Perhaps they didn't fall asleep at all. Perhaps their attention has shifted to tracking down potential acquisitions to justify the secondary.
Sometimes reality is just a little more complicated than falling asleep and we must allow our minds to expand!
Nothing more ironic than a demonstration of ignorance while telling someone they "don't get it."
Before they increased shares 20%, our p/e was quite respectable and improving. Our pps was at $9.50 and improving consistently to reflect the improvement in the business.
Since issuing these new shares, management has not acquired the earnings power to justify the secondary. I suspect they're also distracted by their shopping expedition and the core business has suffered as a result. Retiring the shares issued and concentrating on the business again should drive the pps to double digits. In situations like these, where poor mgt/BOD judgement has seriously hurt shareholders, it is normal for heads to roll. You can't have it both ways.

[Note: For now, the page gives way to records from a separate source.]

(* Let $\epsilon>0$ and let $T$ be a tournament on $n$ vertices which is $\epsilon$-far from being transitive. Let $v_1,\ldots,v_n$ be an optimal ordering of $V(T)$ and let $B$ be the set of backwards edges in this ordering. Then at least one of the following holds: (1) the subset $B'\subseteq B$ consisting of the backwards edges of length at least $n/16$ satisfies $|B'|\ge |B|/4$; (2) $T$ contains a subtournament on at least $n/8$ vertices which is $2\epsilon$-far from being transitive.
   Context: Given an ordering $v_1,\ldots,v_n$ of the vertices of a tournament $T$, a backwards edge is an edge directed from $v_j$ to $v_i$ with $i<j$; its length is $j-i$. An ordering is optimal if it minimizes the number of backwards edges among all orderings of $V(T)$. An $m$-vertex tournament is $\delta$-far from being transitive if every ordering of its vertices has at least $\delta m^2$ backwards edges (equivalently, at least $\delta m^2$ edge directions must be switched in any ordering to make it transitive). *)

From HB Require Import structures.
From mathcomp Require Import all_boot all_order all_algebra.
Set Implicit Arguments. Unset Strict Implicit. Unset Printing Implicit Defensive.
Import Order.TTheory GRing.Theory Num.Theory.

Definition is_tournament (V : finType) (E : rel V) : Prop :=
  (forall x, ~~ E x x) /\
  (forall x y, x != y -> (E x y || E y x) && ~~ (E x y && E y x)).

Definition is_ordering (V : finType) (S : {set V}) (s : seq V) : Prop :=
  uniq s /\ s =i S.

Definition backE (V : finType) (E : rel V) (s : seq V) : {set V * V} :=
  [set xy | [&& xy.1 \in s, xy.2 \in s, E xy.1 xy.2 & index xy.2 s < index xy.1 s]].

Definition blen (V : finType) (s : seq V) (xy : V * V) : nat :=
  index xy.1 s - index xy.2 s.

Definition optimal_ordering (V : finType) (E : rel V) (S : {set V}) (s : seq V) : Prop :=
  is_ordering S s /\
  forall s', is_ordering S s' -> #|backE E s| <= #|backE E s'|.

Definition far_from_transitive (R : realFieldType) (V : finType) (E : rel V)
  (S : {set V}) (delta : R) : Prop :=
  forall s, is_ordering S s -> (delta * (#|S|%:R) ^+ 2 <= (#|backE E s|)%:R)%R.

From mathcomp Require Import all_boot all_order all_algebra.
From mathcomp Require Import zify lra.
From Stdlib Require Import Classical.
Import Order.TTheory GRing.Theory Num.Theory.
Set Implicit Arguments. Unset Strict Implicit. Unset Printing Implicit Defensive.

(* Suppose no set of at least n/8 vertices induces a 2eps-far subtournament.
   Restricted to a window of consecutive vertices, an optimal ordering is still
   optimal (otherwise reordering the window would improve the whole ordering),
   so a window of w >= n/8 vertices has fewer than 2 eps w^2 backwards edges.
   About 15 windows of width about n/8, placed every n/16 positions, contain
   every backwards edge of length < n/16; hence the short backwards edges number
   at most 15 * 2 eps (n/8)^2 <= 3/4 eps n^2 <= 3/4 |B|.  The argument never uses
   that T is a tournament. *)

Lemma index_take_drop (T : eqType) (s : seq T) l w x :
  x \in s -> l <= index x s < l + w ->
  x \in take w (drop l s) /\ index x (take w (drop l s)) = index x s - l.
Proof.
move=> xs /andP[lx xw].
have xs_lt := index_mem x s; rewrite xs in xs_lt.
have idx_drop : index x s = l + index x (drop l s).
  rewrite -{1}(cat_take_drop l s) index_cat in_take // size_take_min.
  by rewrite ltnNge lx /=; lia.
have xd : x \in drop l s by rewrite -index_mem size_drop; lia.
have xt : x \in take w (drop l s) by rewrite in_take //; lia.
split=> //.
by rewrite idx_drop -{2}(cat_take_drop w (drop l s)) index_cat xt; lia.
Qed.

Lemma index_cat3 (T : eqType) (a m b : seq T) x :
  index x (a ++ m ++ b) =
  if x \in a then index x a else if x \in m then size a + index x m
  else size a + size m + index x b.
Proof. by rewrite !index_cat; case: (x \in a) => //; case: (x \in m) => //; lia. Qed.

Lemma cat3_uniq_notin (T : eqType) (a m b : seq T) x :
  uniq (a ++ m ++ b) -> x \in a -> x \notin m.
Proof.
rewrite cat_uniq => /and3P[_ /hasPn am _] xa; apply/negP => xm.
by have := am x; rewrite mem_cat xm => /(_ isT); rewrite xa.
Qed.

Section SegmentReplacement.
Variables (V : finType) (E : rel V).

Definition pairs_in (m : seq V) : {set V * V} :=
  [set xy | (xy.1 \in m) && (xy.2 \in m)].

Lemma index_cat3_perm_lt (a m b t : seq V) x y :
  uniq (a ++ m ++ b) -> perm_eq m t -> ~~ ((x \in m) && (y \in m)) ->
  (index y (a ++ m ++ b) < index x (a ++ m ++ b)) =
  (index y (a ++ t ++ b) < index x (a ++ t ++ b)).
Proof.
move=> u pmt; rewrite !index_cat3.
have := index_mem x a; have := index_mem y a.
have := index_mem x m; have := index_mem y m.
have := index_mem x t; have := index_mem y t.
rewrite -!(perm_mem pmt) -(perm_size pmt).
case: (x \in a) (cat3_uniq_notin (x := x) u) => [/(_ isT) /negbTE ->|_];
case: (y \in a) (cat3_uniq_notin (x := y) u) => [/(_ isT) /negbTE ->|_];
case: (x \in m); case: (y \in m) => //=; lia.
Qed.

Lemma backE_cat3I (a m b : seq V) : uniq (a ++ m ++ b) ->
  backE E (a ++ m ++ b) :&: pairs_in m = backE E m.
Proof.
move=> u; apply/setP => -[x y]; rewrite !inE /= !mem_cat !index_cat3.
case xm: (x \in m); case ym: (y \in m); rewrite ?andbF ?andbT //=.
have /negbTE -> : x \notin a by apply: contraL xm => /(cat3_uniq_notin (x := x) u).
have /negbTE -> : y \notin a by apply: contraL ym => /(cat3_uniq_notin (x := y) u).
by rewrite ltn_add2l.
Qed.

Lemma backE_cat3D (a m b t : seq V) : uniq (a ++ m ++ b) -> perm_eq m t ->
  backE E (a ++ m ++ b) :\: pairs_in m = backE E (a ++ t ++ b) :\: pairs_in m.
Proof.
move=> u pmt; apply/setP => -[x y]; rewrite !inE /=.
case: (boolP ((x \in m) && (y \in m))) => //= nxy.
by rewrite !mem_cat -!(perm_mem pmt) (index_cat3_perm_lt u pmt nxy).
Qed.

Lemma card_backE_cat3_perm (a m b t : seq V) : uniq (a ++ m ++ b) -> perm_eq m t ->
  #|backE E (a ++ m ++ b)| + #|backE E t| = #|backE E (a ++ t ++ b)| + #|backE E m|.
Proof.
move=> u pmt.
have u' : uniq (a ++ t ++ b).
  by rewrite -(perm_uniq (_ : perm_eq (a ++ m ++ b) _)) // perm_cat2l perm_cat2r.
have pairs_mt : pairs_in m = pairs_in t.
  by apply/setP => -[x y]; rewrite !inE /= !(perm_mem pmt).
rewrite -(cardsID (pairs_in m) (backE E (a ++ m ++ b))).
rewrite -(cardsID (pairs_in m) (backE E (a ++ t ++ b))).
rewrite (backE_cat3D u pmt) (backE_cat3I u) {2}pairs_mt (backE_cat3I u'); lia.
Qed.
End SegmentReplacement.

(* Windows of width [w] starting at [minn (j * d) (n - w)] for [j < K]. *)
Definition window_params n d w K :=
  [&& 0 < d, 0 < K, n <= 8 * w, w <= n, d + (n - 1) %/ 16 <= w,
      n <= (K - 1) * d + w & 8 * K * w ^ 2 <= 3 * n ^ 2].

Lemma window_params_exist n : 17 <= n -> exists d w K, window_params n d w K.
Proof.
move=> n17; case: (ltnP n 64) => n64.
  (* For small n the choice below loses too much to rounding; take w = ceil(n/8)
     and the largest step that still catches all short pairs, and check each n
     by computation. *)
  pose w n := (n + 7) %/ 8; pose d n := w n - (n - 1) %/ 16.
  pose K n := 1 + (n - w n + d n - 1) %/ d n.
  have small : all (fun n => window_params n (d n) (w n) (K n)) (iota 17 47).
    by vm_compute.
  exists (d n), (w n), (K n); apply: (allP small); rewrite mem_iota; lia.
exists (n %/ 16).+2, (n %/ 16).*2.+2, 15.
have n16 : 16 * (n %/ 16) <= n < 16 * (n %/ 16) + 16 by lia.
apply/and5P; split; try lia; apply/and3P; split; try lia.
nia.
Qed.

Lemma window_params_cover n d w K p q : window_params n d w K ->
  p < q < n -> 16 * (q - p) < n ->
  exists2 j, j < K & minn (j * d) (n - w) <= p /\ q < minn (j * d) (n - w) + w.
Proof.
case/and5P=> d0 K0 _ wn /and3P[dw nK _] /andP[pq qn] short.
have pd := divn_eq p d; have pmodd := ltn_pmod p d0.
case: (leqP (p %/ d) (K - 1)) => jK.
  by exists (p %/ d); [lia | split; lia].
exists (K - 1); first lia.
have : (K - 1) * d <= p %/ d * d by rewrite leq_mul2r; lia.
split; lia.
Qed.

Lemma short_pairs_window_cover n : exists w K (l : nat -> nat),
  [/\ n <= 8 * w, 8 * K * w ^ 2 <= 3 * n ^ 2, forall j, l j + w <= n &
      forall p q, p < q < n -> 16 * (q - p) < n ->
      exists2 j, j < K & l j <= p /\ q < l j + w].
Proof.
case: (ltnP n 17) => n17.
  by exists n, 0, (fun=> 0); split=> // [|p q /andP[pq _] short]; lia.
have [d [w [K params]]] := window_params_exist n17.
exists w, K, (fun j => minn (j * d) (n - w)).
move: (params) => /and5P[_ _ n8w wn /and3P[_ _ KW]].
by split=> // [j|p q pqn]; [lia | exact: window_params_cover].
Qed.

Lemma leq_card_bigcup (T I : finType) (P : pred I) (F : I -> {set T}) :
  #|\bigcup_(i | P i) F i| <= \sum_(i | P i) #|F i|.
Proof.
elim/big_ind2: _ => [|a A b B aA bB|//]; first by rewrite cards0.
exact: leq_trans (leq_card_setU A B).1 (leq_add aA bB).
Qed.

Section OptimalSegments.
Variables (V : finType) (E : rel V).

Lemma card_take_drop (s : seq V) l w : uniq s -> l + w <= size s ->
  #|[set x in take w (drop l s)]| = w.
Proof.
move=> us lw; rewrite cardsE (card_uniqP _); last by rewrite take_uniq ?drop_uniq.
by rewrite size_takel // size_drop; lia.
Qed.

Lemma mem_backE_take_drop (s : seq V) l w xy : xy \in backE E s ->
  l <= index xy.2 s -> index xy.1 s < l + w -> xy \in backE E (take w (drop l s)).
Proof.
case: xy => x y; rewrite !inE /= => /and4P[xs ys Exy yx] ly xw.
have hx : l <= index x s < l + w by lia.
have hy : l <= index y s < l + w by lia.
have [xm ->] := index_take_drop xs hx; have [ym ->] := index_take_drop ys hy.
by rewrite xm ym Exy /=; lia.
Qed.

Lemma optimal_ordering_take_drop (S : {set V}) s l w :
  optimal_ordering E S s ->
  optimal_ordering E [set x in take w (drop l s)] (take w (drop l s)).
Proof.
move=> [[us sS] opt]; set m := take w (drop l s).
have um : uniq m by rewrite take_uniq // drop_uniq.
split; first by split=> // x; rewrite inE.
move=> t [ut tm].
have pmt : perm_eq m t by apply: uniq_perm => // x; rewrite tm inE.
have es : s = take l s ++ m ++ drop w (drop l s) by rewrite !cat_take_drop.
have pst : perm_eq s (take l s ++ t ++ drop w (drop l s)).
  by rewrite {1}es perm_cat2l perm_cat2r.
have u : uniq (take l s ++ m ++ drop w (drop l s)) by rewrite -es.
have := card_backE_cat3_perm E u pmt; rewrite -es.
have := opt (take l s ++ t ++ drop w (drop l s)).
rewrite /is_ordering -(perm_uniq pst) us => /(_ (conj isT _)) h.
have : #|backE E s| <= #|backE E (take l s ++ t ++ drop w (drop l s))|.
  by apply: h => x; rewrite -(perm_mem pst) sS.
lia.
Qed.

Lemma optimal_far_from_transitive (R : realFieldType) (S : {set V}) s (delta : R) :
  optimal_ordering E S s -> (delta * #|S|%:R ^+ 2 <= #|backE E s|%:R)%R ->
  far_from_transitive E S delta.
Proof. by move=> [_ opt] h t /opt st; apply: le_trans h _; rewrite ler_nat. Qed.

Lemma card_backE_take_drop_lt (R : realFieldType) (S : {set V}) s l w (delta : R) :
  optimal_ordering E S s ->
  ~ far_from_transitive E [set x in take w (drop l s)] delta ->
  (#|backE E (take w (drop l s))|%:R < delta * #|[set x in take w (drop l s)]|%:R ^+ 2)%R.
Proof.
move=> opt not_far; rewrite ltNge; apply/negP => dense; apply: not_far.
exact: optimal_far_from_transitive (optimal_ordering_take_drop _ _ opt) dense.
Qed.
End OptimalSegments.

Lemma card_backE_blen_covered (V : finType) (E : rel V) (s : seq V)
    (P : pred nat) K (l : nat -> nat) w :
  (forall p q, p < q < size s -> P (q - p) ->
     exists2 j, j < K & l j <= p /\ q < l j + w) ->
  #|[set xy in backE E s | P (blen s xy)]| <=
    \sum_(j < K) #|backE E (take w (drop (l j) s))|.
Proof.
move=> cover.
apply: (@leq_trans #|\bigcup_(j < K) backE E (take w (drop (l j) s))|);
  last exact: leq_card_bigcup.
apply/subset_leq_card/subsetP => xy; rewrite inE => /andP[xyB Pxy].
have := xyB; rewrite inE => /and4P[x_s _ _ yx]; rewrite -index_mem in x_s.
have [j jK [lj jw]] := cover _ _ (introT andP (conj yx x_s)) Pxy.
by apply/bigcupP; exists (Ordinal jK) => //; apply: mem_backE_take_drop.
Qed.

Local Open Scope ring_scope.

Theorem mainTheorem3 (R : realFieldType) (V : finType) (E : rel V) (eps : R)
  (s : seq V) :
  0 < eps ->
  is_tournament E ->
  far_from_transitive E [set: V] eps ->
  optimal_ordering E [set: V] s ->
  (#|backE E s|%:R / 4 <=
     #|[set xy in backE E s | #|V|%:R / 16 <= (blen s xy)%:R :> R]|%:R :> R)
  \/
  (exists S : {set V}, #|V|%:R / 8 <= #|S|%:R :> R /\
     far_from_transitive E S (2 * eps)).
Proof.
move=> eps0 _ far opt; have [[us sT] _] := opt.
have sz : size s = #|V| by rewrite -(card_uniqP us) -cardsT; apply: eq_card.
set n := #|V| in sz *; set B := backE E s; set L := [set xy in B | _].
pose Sh := [set xy in B | 16 * blen s xy < n]%N.
have farB : eps * n%:R ^+ 2 <= #|B|%:R by have := far s (conj us sT); rewrite cardsT.
case: (classic (exists S : {set V}, n%:R / 8 <= #|S|%:R :> R /\
  far_from_transitive E S (2 * eps))) => [|no_far]; [by right | left].
have [w [K [l [n8w KwN lw cover]]]] := short_pairs_window_cover n.
pose m j := take w (drop (l j) s).
have card_m j : #|[set x in m j]| = w by rewrite card_take_drop ?sz.
have sparse j : #|backE E (m j)|%:R <= 2 * eps * w%:R ^+ 2.
  rewrite -(card_m j); apply/ltW/(card_backE_take_drop_lt opt) => far_m.
  apply: no_far; exists [set x in m j]; split=> //.
  by rewrite card_m ler_pdivrMr // -natrM ler_nat; lia.
have Sh_le : #|Sh|%:R <= K%:R * (2 * eps * w%:R ^+ 2).
  apply: (@le_trans _ _ (\sum_(j < K) #|backE E (m j)|)%:R).
    rewrite ler_nat; apply: (@card_backE_blen_covered _ E s (fun k => 16 * k < n)%N).
    by rewrite sz.
  rewrite natr_sum (_ : K%:R * _ = \sum_(j < K) (2 * eps * w%:R ^+ 2)).
    by apply: ler_sum => j _.
  by rewrite sumr_const card_ord mulr_natl.
have splitB : #|B|%:R = #|L|%:R + #|Sh|%:R :> R.
  rewrite -natrD -(cardsID [set xy | n%:R / 16 <= (blen s xy)%:R :> R] B).
  congr (_ + _)%:R; apply: eq_card => xy; rewrite !inE // ler_pdivrMr // -natrM.
  by rewrite ler_nat -ltnNge mulnC andbC.
have KwR : 8 * K%:R * w%:R ^+ 2 <= 3 * n%:R ^+ 2 :> R.
  by move: KwN; rewrite -(ler_nat R) !natrM !expr2.
have := ler_pM2l eps0 (8 * K%:R * w%:R ^+ 2) (3 * n%:R ^+ 2); rewrite KwR.
rewrite splitB in farB *; nra.
Qed.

I think in fairness, we would all then have to admit the secondary has proved to be a disaster for shareholders. A management action causing the loss of more than 50% of one's investment is serious enough to require discussion and possible management/BOD sanction IMHO. At this point, given that no viable candidates seem to be available, we either undo the mistake by repurchasing those shares or we're going to need new leadership.
There's no point letting the company return to insane valuation levels.